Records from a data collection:

(* Let $Q$ be a finite quandle and let $D$ be a diagram of a knot $K$ with $\mathrm{col}_Q(D)>0$. Then there is a finite simple quandle $Q'$ with $|Q'|\le |Q|$ such that $\mathrm{col}_{Q'}(D)>0$.
   Context: A quandle is a set $C$ with a binary operation $*$ such that for all $a,b,c\in C$: (1) $a*a=a$; (2) for all $a,b$ there is a unique $x$ with $a*x=b$; (3) $a*(b*c)=(a*b)*(a*c)$. A quandle is simple if it has at least two elements and its only congruences (equivalence relations compatible with $*$) are the identity relation and the total relation; equivalently, it has no homomorphic images other than itself (up to isomorphism) and the one-element quandle. A knot diagram is a regular planar projection of an oriented tame knot, with over/under information recorded at each crossing. Arcs are the maximal unbroken pieces of the projection. At each crossing, $\alpha$ denotes the over-arc, $\beta$ the under-arc on the right of the oriented $\alpha$, and $\gamma$ the under-arc on its left. A $Q$-coloring of $D$ is a map $f$ from arcs to $Q$ with $f(\alpha)*f(\beta)=f(\gamma)$ at every crossing. It is trivial if it uses only one color. $\mathrm{col}_Q(D)$ is the number of non-trivial $Q$-colorings of $D$. *)

From mathcomp Require Import all_boot.
Set Implicit Arguments. Unset Strict Implicit. Unset Printing Implicit Defensive.

Record quandle := Quandle {
  qcar :> finType;
  qop : qcar -> qcar -> qcar;
  qidem : forall a : qcar, qop a a = a;
  qdiv : forall a b : qcar, exists! x : qcar, qop a x = b;
  qdist : forall a b c : qcar, qop a (qop b c) = qop (qop a b) (qop a c)
}.

Definition congruence (Q : quandle) (R : Q -> Q -> Prop) : Prop :=
  (forall a, R a a) /\ (forall a b, R a b -> R b a) /\
  (forall a b c, R a b -> R b c -> R a c) /\
  (forall a a' b b', R a a' -> R b b' -> R (qop a b) (qop a' b')).

Definition simple_quandle (Q : quandle) : Prop :=
  1 < #|Q| /\
  forall R : Q -> Q -> Prop, congruence R ->
    (forall a b, R a b <-> a = b) \/ (forall a b, R a b).

(** A diagram with n crossings has n arcs;
    walking along the oriented knot, arc i ends at the undercrossing i and arc
    (i+1 mod n) starts there.  [dover i] is the over-arc alpha at crossing i;
    [dsign i] records which of the two under-arcs lies on the right of the
    oriented over-arc: if true, beta = i and gamma = i+1, otherwise
    beta = i+1 and gamma = i.  A zero-crossing diagram (n = 0) has no
    crossings; we model it with no arcs, so it has no non-trivial colorings,
    as for the one-circle diagram. *)
Record diagram := Diagram {
  dn : nat;
  dover : 'I_dn -> 'I_dn;
  dsign : 'I_dn -> bool
}.

Definition dbeta (D : diagram) (i : 'I_(dn D)) : 'I_(dn D) :=
  if dsign i then i else ordS i.
Definition dgamma (D : diagram) (i : 'I_(dn D)) : 'I_(dn D) :=
  if dsign i then ordS i else i.

Definition is_coloring (Q : quandle) (D : diagram) (f : {ffun 'I_(dn D) -> Q}) : bool :=
  [forall i : 'I_(dn D), qop (f (dover i)) (f (dbeta i)) == f (dgamma i)].

Definition nontrivial_coloring (Q : quandle) (D : diagram) (f : {ffun 'I_(dn D) -> Q}) : bool :=
  [exists i : 'I_(dn D), exists j : 'I_(dn D), f i != f j].

Definition col (Q : quandle) (D : diagram) : nat :=
  #|[set f : {ffun 'I_(dn D) -> Q} | is_coloring f && nontrivial_coloring f]|.

(** If [Q] is not simple, take a non-trivial congruence [e] and a non-trivial
    [Q]-coloring [f] of [D].  Either [f] meets two [e]-classes, and then its
    image in the quotient [Q/e] is a non-trivial coloring, or all colors of [f]
    lie in one [e]-class, which is a proper subquandle colored non-trivially by
    [f].  In both cases we get a strictly smaller quandle with a non-trivial
    coloring of [D], and we conclude by induction on [#|Q|]. *)

From mathcomp Require Import all_boot.
From Stdlib Require Import Classical ClassicalEpsilon.

Set Implicit Arguments.
Unset Strict Implicit.
Unset Printing Implicit Defensive.

Lemma fin_surj_inj (T : finType) (f : T -> T) :
  (forall y, exists x, f x = y) -> injective f.
Proof.
move=> f_surj; apply: in2T; apply/(@image_injP _ _ f predT)/eqP.
by apply: eq_card => y; have [x <-] := f_surj y; rewrite image_f.
Qed.

Lemma card_sig_lt (T : finType) (P : pred T) (z : T) :
  ~~ P z -> #|{: {x | P x}}| < #|T|.
Proof.
move=> Pz; rewrite card_sig -(cardC P) -addn1 leq_add2l.
by apply/card_gt0P; exists z; rewrite !inE.
Qed.

Lemma qop_inj (Q : quandle) (a : Q) : injective (qop a).
Proof.
move=> x y Exy; have [z [_ z_uniq]] := qdiv a (qop a x).
by rewrite -(z_uniq x erefl) -(z_uniq y (esym Exy)).
Qed.

Section InjQuandle.

Variables (T : finType) (op : T -> T -> T).
Hypothesis op_idem : forall a, op a a = a.
Hypothesis op_inj : forall a, injective (op a).
Hypothesis op_dist : forall a b c, op a (op b c) = op (op a b) (op a c).

Lemma inj_qdiv (a b : T) : exists! x, op a x = b.
Proof.
have [g opK gK] := injF_bij (@op_inj a).
by exists (g b); split=> [|x <-]; [exact: gK | rewrite opK].
Qed.

Definition inj_quandle : quandle := Quandle op_idem inj_qdiv op_dist.

End InjQuandle.

Lemma col_gt0 (Q : quandle) (D : diagram) :
  0 < col Q D <->
  exists f : {ffun 'I_(dn D) -> Q}, is_coloring f /\ nontrivial_coloring f.
Proof.
rewrite /col card_gt0; split=> [/set0Pn[f]|[f [f_col f_nt]]].
  by rewrite inE => /andP[]; exists f.
by apply/set0Pn; exists f; rewrite inE f_col f_nt.
Qed.

Section Colorings.

Variables (D : diagram) (Q1 Q2 : quandle) (h : Q1 -> Q2).
Hypothesis h_hom : forall a b, h (qop a b) = qop (h a) (h b).

Lemma coloring_hom (f : {ffun 'I_(dn D) -> Q1}) :
  is_coloring f -> is_coloring [ffun i => h (f i)].
Proof.
by move=> /forallP f_col; apply/forallP => i; rewrite !ffunE -h_hom (eqP (f_col i)).
Qed.

Lemma coloring_hom_inj (f : {ffun 'I_(dn D) -> Q1}) :
  injective h -> is_coloring [ffun i => h (f i)] -> is_coloring f.
Proof.
move=> h_inj /forallP hf_col; apply/forallP => i; apply/eqP/h_inj.
by rewrite h_hom; move/eqP: (hf_col i); rewrite !ffunE.
Qed.

Lemma col_gt0_hom (f : {ffun 'I_(dn D) -> Q1}) (i j : 'I_(dn D)) :
  is_coloring f -> h (f i) != h (f j) -> 0 < col Q2 D.
Proof.
move=> f_col hfij; apply/col_gt0; exists [ffun k => h (f k)].
split; first exact: coloring_hom.
by apply/existsP; exists i; apply/existsP; exists j; rewrite !ffunE.
Qed.

End Colorings.

Lemma congruence_class_qop (Q : quandle) (R : Q -> Q -> Prop) (a x y : Q) :
  congruence R -> R a x -> R a y -> R a (qop x y).
Proof. by case=> _ [_ [_ R_qop]] Rax Ray; rewrite -(qidem a); exact: R_qop. Qed.

Section SubQuandle.

Variables (Q : quandle) (P : pred Q).
Hypothesis P_qop : forall x y, P x -> P y -> P (qop x y).

Definition sub_qop (x y : {x | P x}) : {x | P x} :=
  exist P (qop (val x) (val y)) (P_qop (valP x) (valP y)).

Lemma sub_qop_idem x : sub_qop x x = x.
Proof. by apply: val_inj; rewrite /= qidem. Qed.

Lemma sub_qop_inj x : injective (sub_qop x).
Proof. by move=> y z /(congr1 val) /qop_inj /val_inj. Qed.

Lemma sub_qop_dist x y z : sub_qop x (sub_qop y z) = sub_qop (sub_qop x y) (sub_qop x z).
Proof. by apply: val_inj; rewrite /= qdist. Qed.

Definition subquandle : quandle := inj_quandle sub_qop_idem sub_qop_inj sub_qop_dist.

Lemma card_subquandle (z : Q) : ~~ P z -> #|subquandle| < #|Q|.
Proof. exact: card_sig_lt. Qed.

Lemma col_gt0_subquandle (D : diagram) (f : {ffun 'I_(dn D) -> Q}) (i j : 'I_(dn D)) :
  is_coloring f -> (forall k, P (f k)) -> f i != f j -> 0 < col subquandle D.
Proof.
move=> f_col fP fij; pose g : {ffun 'I_(dn D) -> subquandle} := [ffun k => exist P (f k) (fP k)].
have val_g : [ffun k => val (g k)] = f by apply/ffunP => k; rewrite !ffunE.
apply/col_gt0; exists g; split.
  by apply: (@coloring_hom_inj D subquandle Q val (fun _ _ => erefl) g val_inj); rewrite val_g.
by apply/existsP; exists i; apply/existsP; exists j; rewrite !ffunE.
Qed.

End SubQuandle.

Section Quotient.

Variables (Q : quandle) (e : rel Q).
Hypothesis e_cong : congruence (fun x y => e x y).

Let e_refl : reflexive e := e_cong.1.
Let e_sym : symmetric e.
Proof. by move=> x y; have [_ [sym _]] := e_cong; apply/idP/idP => /sym. Qed.
Let e_trans : transitive e.
Proof. by move=> y x z; have [_ [_ [trans _]]] := e_cong; exact: trans. Qed.

(* The quotient is realised on the set of fixed points of a class representative map. *)
Definition qrep (x : Q) : Q := odflt x [pick y | e x y].

Lemma qrep_rel x : e x (qrep x).
Proof. by rewrite /qrep; case: pickP => [//|/(_ x)]; rewrite e_refl. Qed.

Lemma qrep_eq x y : e x y -> qrep x = qrep y.
Proof.
move=> exy; rewrite /qrep (@eq_pick _ (e x) (e y)) => [|z].
  by case: pickP => // /(_ y); rewrite e_refl.
by apply/idP/idP => [|eyz]; [apply: e_trans; rewrite e_sym | exact: e_trans eyz].
Qed.

Lemma qrepK x : qrep (qrep x) = qrep x.
Proof. by apply/esym/qrep_eq/qrep_rel. Qed.

Definition qclass := {x : Q | qrep x == x}.

Definition qproj (x : Q) : qclass := exist _ (qrep x) (introT eqP (qrepK x)).

Lemma qprojK (u : qclass) : qproj (val u) = u.
Proof. by apply: val_inj; exact/eqP/(valP u). Qed.

Lemma qproj_eqP x y : qproj x = qproj y <-> e x y.
Proof.
split=> [/(congr1 val) /= Exy | /qrep_eq Exy]; last exact: val_inj.
by apply: e_trans (qrep_rel x) _; rewrite Exy e_sym qrep_rel.
Qed.

Definition quot_qop (u v : qclass) : qclass := qproj (qop (val u) (val v)).

Lemma qproj_qop x y : qproj (qop x y) = quot_qop (qproj x) (qproj y).
Proof. by apply/qproj_eqP; have [_ [_ [_ e_qop]]] := e_cong; apply: e_qop; exact: qrep_rel. Qed.

Lemma quot_qop_idem u : quot_qop u u = u.
Proof. by rewrite -(qprojK u) -qproj_qop qidem. Qed.

Lemma quot_qop_inj u : injective (quot_qop u).
Proof.
apply: fin_surj_inj => v; have [x [xE _]] := qdiv (val u) (val v).
by exists (qproj x); rewrite -{1}(qprojK u) -qproj_qop xE qprojK.
Qed.

Lemma quot_qop_dist u v w :
  quot_qop u (quot_qop v w) = quot_qop (quot_qop u v) (quot_qop u w).
Proof. by rewrite -(qprojK u) -(qprojK v) -(qprojK w) -!qproj_qop qdist. Qed.

Definition quotient : quandle := inj_quandle quot_qop_idem quot_qop_inj quot_qop_dist.

Lemma card_quotient (a b : Q) : e a b -> a != b -> #|quotient| < #|Q|.
Proof.
move=> eab nab; have [z Nz] : exists z, qrep z != z.
  case: (eqVneq (qrep a) a) => [ra|nra]; last by exists a.
  by exists b; rewrite -(qrep_eq eab) ra.
exact: (@card_sig_lt Q (fun x => qrep x == x) z Nz).
Qed.

Lemma col_gt0_quotient (D : diagram) (f : {ffun 'I_(dn D) -> Q}) (i j : 'I_(dn D)) :
  is_coloring f -> ~~ e (f i) (f j) -> 0 < col quotient D.
Proof.
move=> f_col efij; apply: (@col_gt0_hom D Q quotient qproj qproj_qop f i j f_col).
by apply: contra efij => /eqP /qproj_eqP.
Qed.

End Quotient.

Lemma congruence_reflect (Q : quandle) (R : Q -> Q -> Prop) (e : rel Q) :
  (forall x y, reflect (R x y) (e x y)) -> congruence R -> congruence (fun x y => e x y).
Proof.
move=> eP [R_refl [R_sym [R_trans R_qop]]]; split; [|split; [|split]].
- by move=> a; apply/eP.
- by move=> a b /eP /R_sym /eP.
- by move=> a b c /eP Rab /eP Rbc; apply/eP; exact: R_trans Rab Rbc.
- by move=> a a' b b' /eP Raa' /eP Rbb'; apply/eP; exact: R_qop.
Qed.

Lemma not_simple_congruence (Q : quandle) :
  1 < #|Q| -> ~ simple_quandle Q ->
  exists e : rel Q, [/\ congruence (fun x y => e x y),
    exists a b, e a b && (a != b) & exists a b, ~~ e a b].
Proof.
move=> Q_gt1 Q_not_simple; apply: NNPP => no_e; apply: Q_not_simple; split=> // R R_cong.
pose e x y : bool := excluded_middle_informative (R x y).
have eP x y : reflect (R x y) (e x y) by exact: sumboolP.
have e_cong := congruence_reflect eP R_cong.
case: (classic (exists a b, R a b /\ a <> b)) => [[a [b [Rab nab]]] | R_id].
  right=> c d; apply: NNPP => nRcd; apply: no_e; exists e; split=> //.
    by exists a, b; apply/andP; split; [exact/eP | exact/eqP].
  by exists c, d; exact/eP.
left=> a b; split=> [Rab | <-]; last by have [R_refl _] := R_cong.
by apply: NNPP => nab; apply: R_id; exists a, b.
Qed.

Lemma smaller_coloring (Q : quandle) (D : diagram) :
  ~ simple_quandle Q -> 0 < col Q D -> exists Q' : quandle, #|Q'| < #|Q| /\ 0 < col Q' D.
Proof.
move=> Q_not_simple /col_gt0 [f [f_col /existsP [i /existsP [j fij]]]].
have Q_gt1 : 1 < #|Q| by apply/card_gt1P; exists (f i), (f j).
have [e [e_cong [a [b /andP [eab nab]]] [c [d ecd]]]] :=
  not_simple_congruence Q_gt1 Q_not_simple.
case: (boolP [forall k, forall l, e (f k) (f l)]) => [/forallP f_one_class | ]; last first.
  rewrite negb_forall => /existsP [k]; rewrite negb_forall => /existsP [l efkl].
  exists (quotient e_cong); split; first exact: card_quotient eab nab.
  exact: col_gt0_quotient f_col efkl.
have class_qop x y : e (f i) x -> e (f i) y -> e (f i) (qop x y).
  exact: congruence_class_qop e_cong.
have [z ez] : exists z, ~~ e (f i) z.
  have [_ [e_sym [e_trans _]]] := e_cong.
  case: (boolP (e (f i) c)) => eic; last by exists c.
  by exists d; apply: contra ecd => eid; apply: e_trans (e_sym _ _ eic) eid.
exists (subquandle class_qop); split; first exact: card_subquandle ez.
by apply: col_gt0_subquandle f_col _ fij => k; move/forallP: (f_one_class i).
Qed.

Theorem lemma2 (Q : quandle) (D : diagram) :
  0 < col Q D ->
  exists Q' : quandle, simple_quandle Q' /\ #|Q'| <= #|Q| /\ 0 < col Q' D.
Proof.
move=> colQ; have [n] := ubnP #|Q|; elim: n Q colQ => // n IH Q colQ lt_Qn.
case: (classic (simple_quandle Q)) => [Q_simple | Q_not_simple]; first by exists Q.
have [Q1 [lt_Q1Q colQ1]] := smaller_coloring Q_not_simple colQ.
have [Q' [Q'_simple [le_Q'Q1 colQ']]] := IH Q1 colQ1 (leq_trans lt_Q1Q (ltnSE lt_Qn)).
by exists Q'; split=> //; split=> //; exact: leq_trans le_Q'Q1 (ltnW lt_Q1Q).
Qed.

## YOUR GOAL
Above are the records; copy each line from them that includes the string "Unset".

## ANSWER FOR THE TASK
Set Implicit Arguments. Unset Strict Implicit. Unset Printing Implicit Defensive.
Unset Strict Implicit.
Unset Printing Implicit Defensive.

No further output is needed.